[Collected data entries]:
►
(* Consider the algorithm described in the context (with parameters $p\in[0,1]$, $l\in\mathbb{N}$) run on a stream consistent with a representation of size $m$ with at most $k$ exceptions, in which each component has a unique label. Let $t$ be some iteration of the run, let $C[x]$ be some valid rule that exists during this iteration, and let $U(x)$ be the value of its update counter at the end of this iteration. Then the number of exceptions that caused updates to this rule until the end of iteration $t$ is at least $(U(x)-(m-1))/2$.
   Context: Setting. $\mathcal{X}$ is a domain, $\mathcal{Y}$ a finite label set, $\Phi$ a set of binary features on $\mathcal{X}$ closed under negation. A representation of size $m$ is a cover $\mathcal{G}=\{G_1,\dots,G_m\}$ of $\mathcal{X}$ by components with labels $\ell(G)$; each $x$ has a fixed component $G(x)\ni x$; $c^*(x)=\ell(G(x))$; for components $G_i,G_j$ with different labels there is $\phi(G_i,G_j)\in\Phi$ true on all of $G_i$ and false on all of $G_j$, with $\phi(G_j,G_i)=\neg\phi(G_i,G_j)$. Protocol: the learner first gets $x_0$ with label $y_0$; then each example $x_t$ arrives, the learner predicts a label with an explanation example previously seen with that label; on a mistake the teacher gives $y_t=c^*(x_t)$ and a feature $\phi(G(x_t),G(\hat x_t))$, $\hat x_t$ the explanation. An exception is an example on which the feedback is inconsistent with the representation/protocol; at most $k$ examples are exceptions. Non-exception examples are valid; a rule $C[x]$ is valid if $x$ is valid. Algorithm (parameters $p,l$; also uses $m$): receives $(x_0,y_0)$; maintains a list $L$ of rules, each indexed by a representative $x$, with a conjunction $C[x]$ of features, a label $\texttt{label}[x]$, and an update counter $U(x)$. On $x_t$: (a) If some $C[\hat x]\in L$ is satisfied by $x_t$, predict $\texttt{label}[\hat x]$ with explanation $\hat x$; if incorrect, receive $y_t$ and feature $\phi_t$; if $\hat x$ satisfies $\neg\phi_t$ and $x_t$ satisfies $\phi_t$, add $\neg\phi_t$ to $C[\hat x]$ (otherwise the conjunction is unchanged); in either case set $U(\hat x)\leftarrow U(\hat x)+1$ and delete the rule if $U(\hat x)\ge m+l-1$. (b) Otherwise, predict $y_0$ with explanation $x_0$; if incorrect, receive $y_t$ and $\phi$; if no rule in $L$ has label $y_t$, draw an independent bit $B$ with success probability $p$ and, if $B=1$, add a new rule with empty conjunction $C[x_t]$, $\texttt{label}[x_t]=y_t$, $U(x_t)=0$; else let $C[\hat x]$ be the rule in $L$ with label $y_t$, remove from $C[\hat x]$ some feature not satisfied by $x_t$, set $U(\hat x)\leftarrow U(\hat x)+1$, and delete the rule if $U(\hat x)\ge m+l-1$. An example ''causes an update'' to a rule if processing it increments that rule's counter $U$. *)

From mathcomp Require Import all_boot all_order all_algebra.
Set Implicit Arguments.
Unset Strict Implicit.
Unset Printing Implicit Defensive.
◄
[PROBLEM]: Within the entries above, find every line where the string "Unset" occurs, and copy it.

[SOLUTION]:
Unset Strict Implicit.
Unset Printing Implicit Defensive.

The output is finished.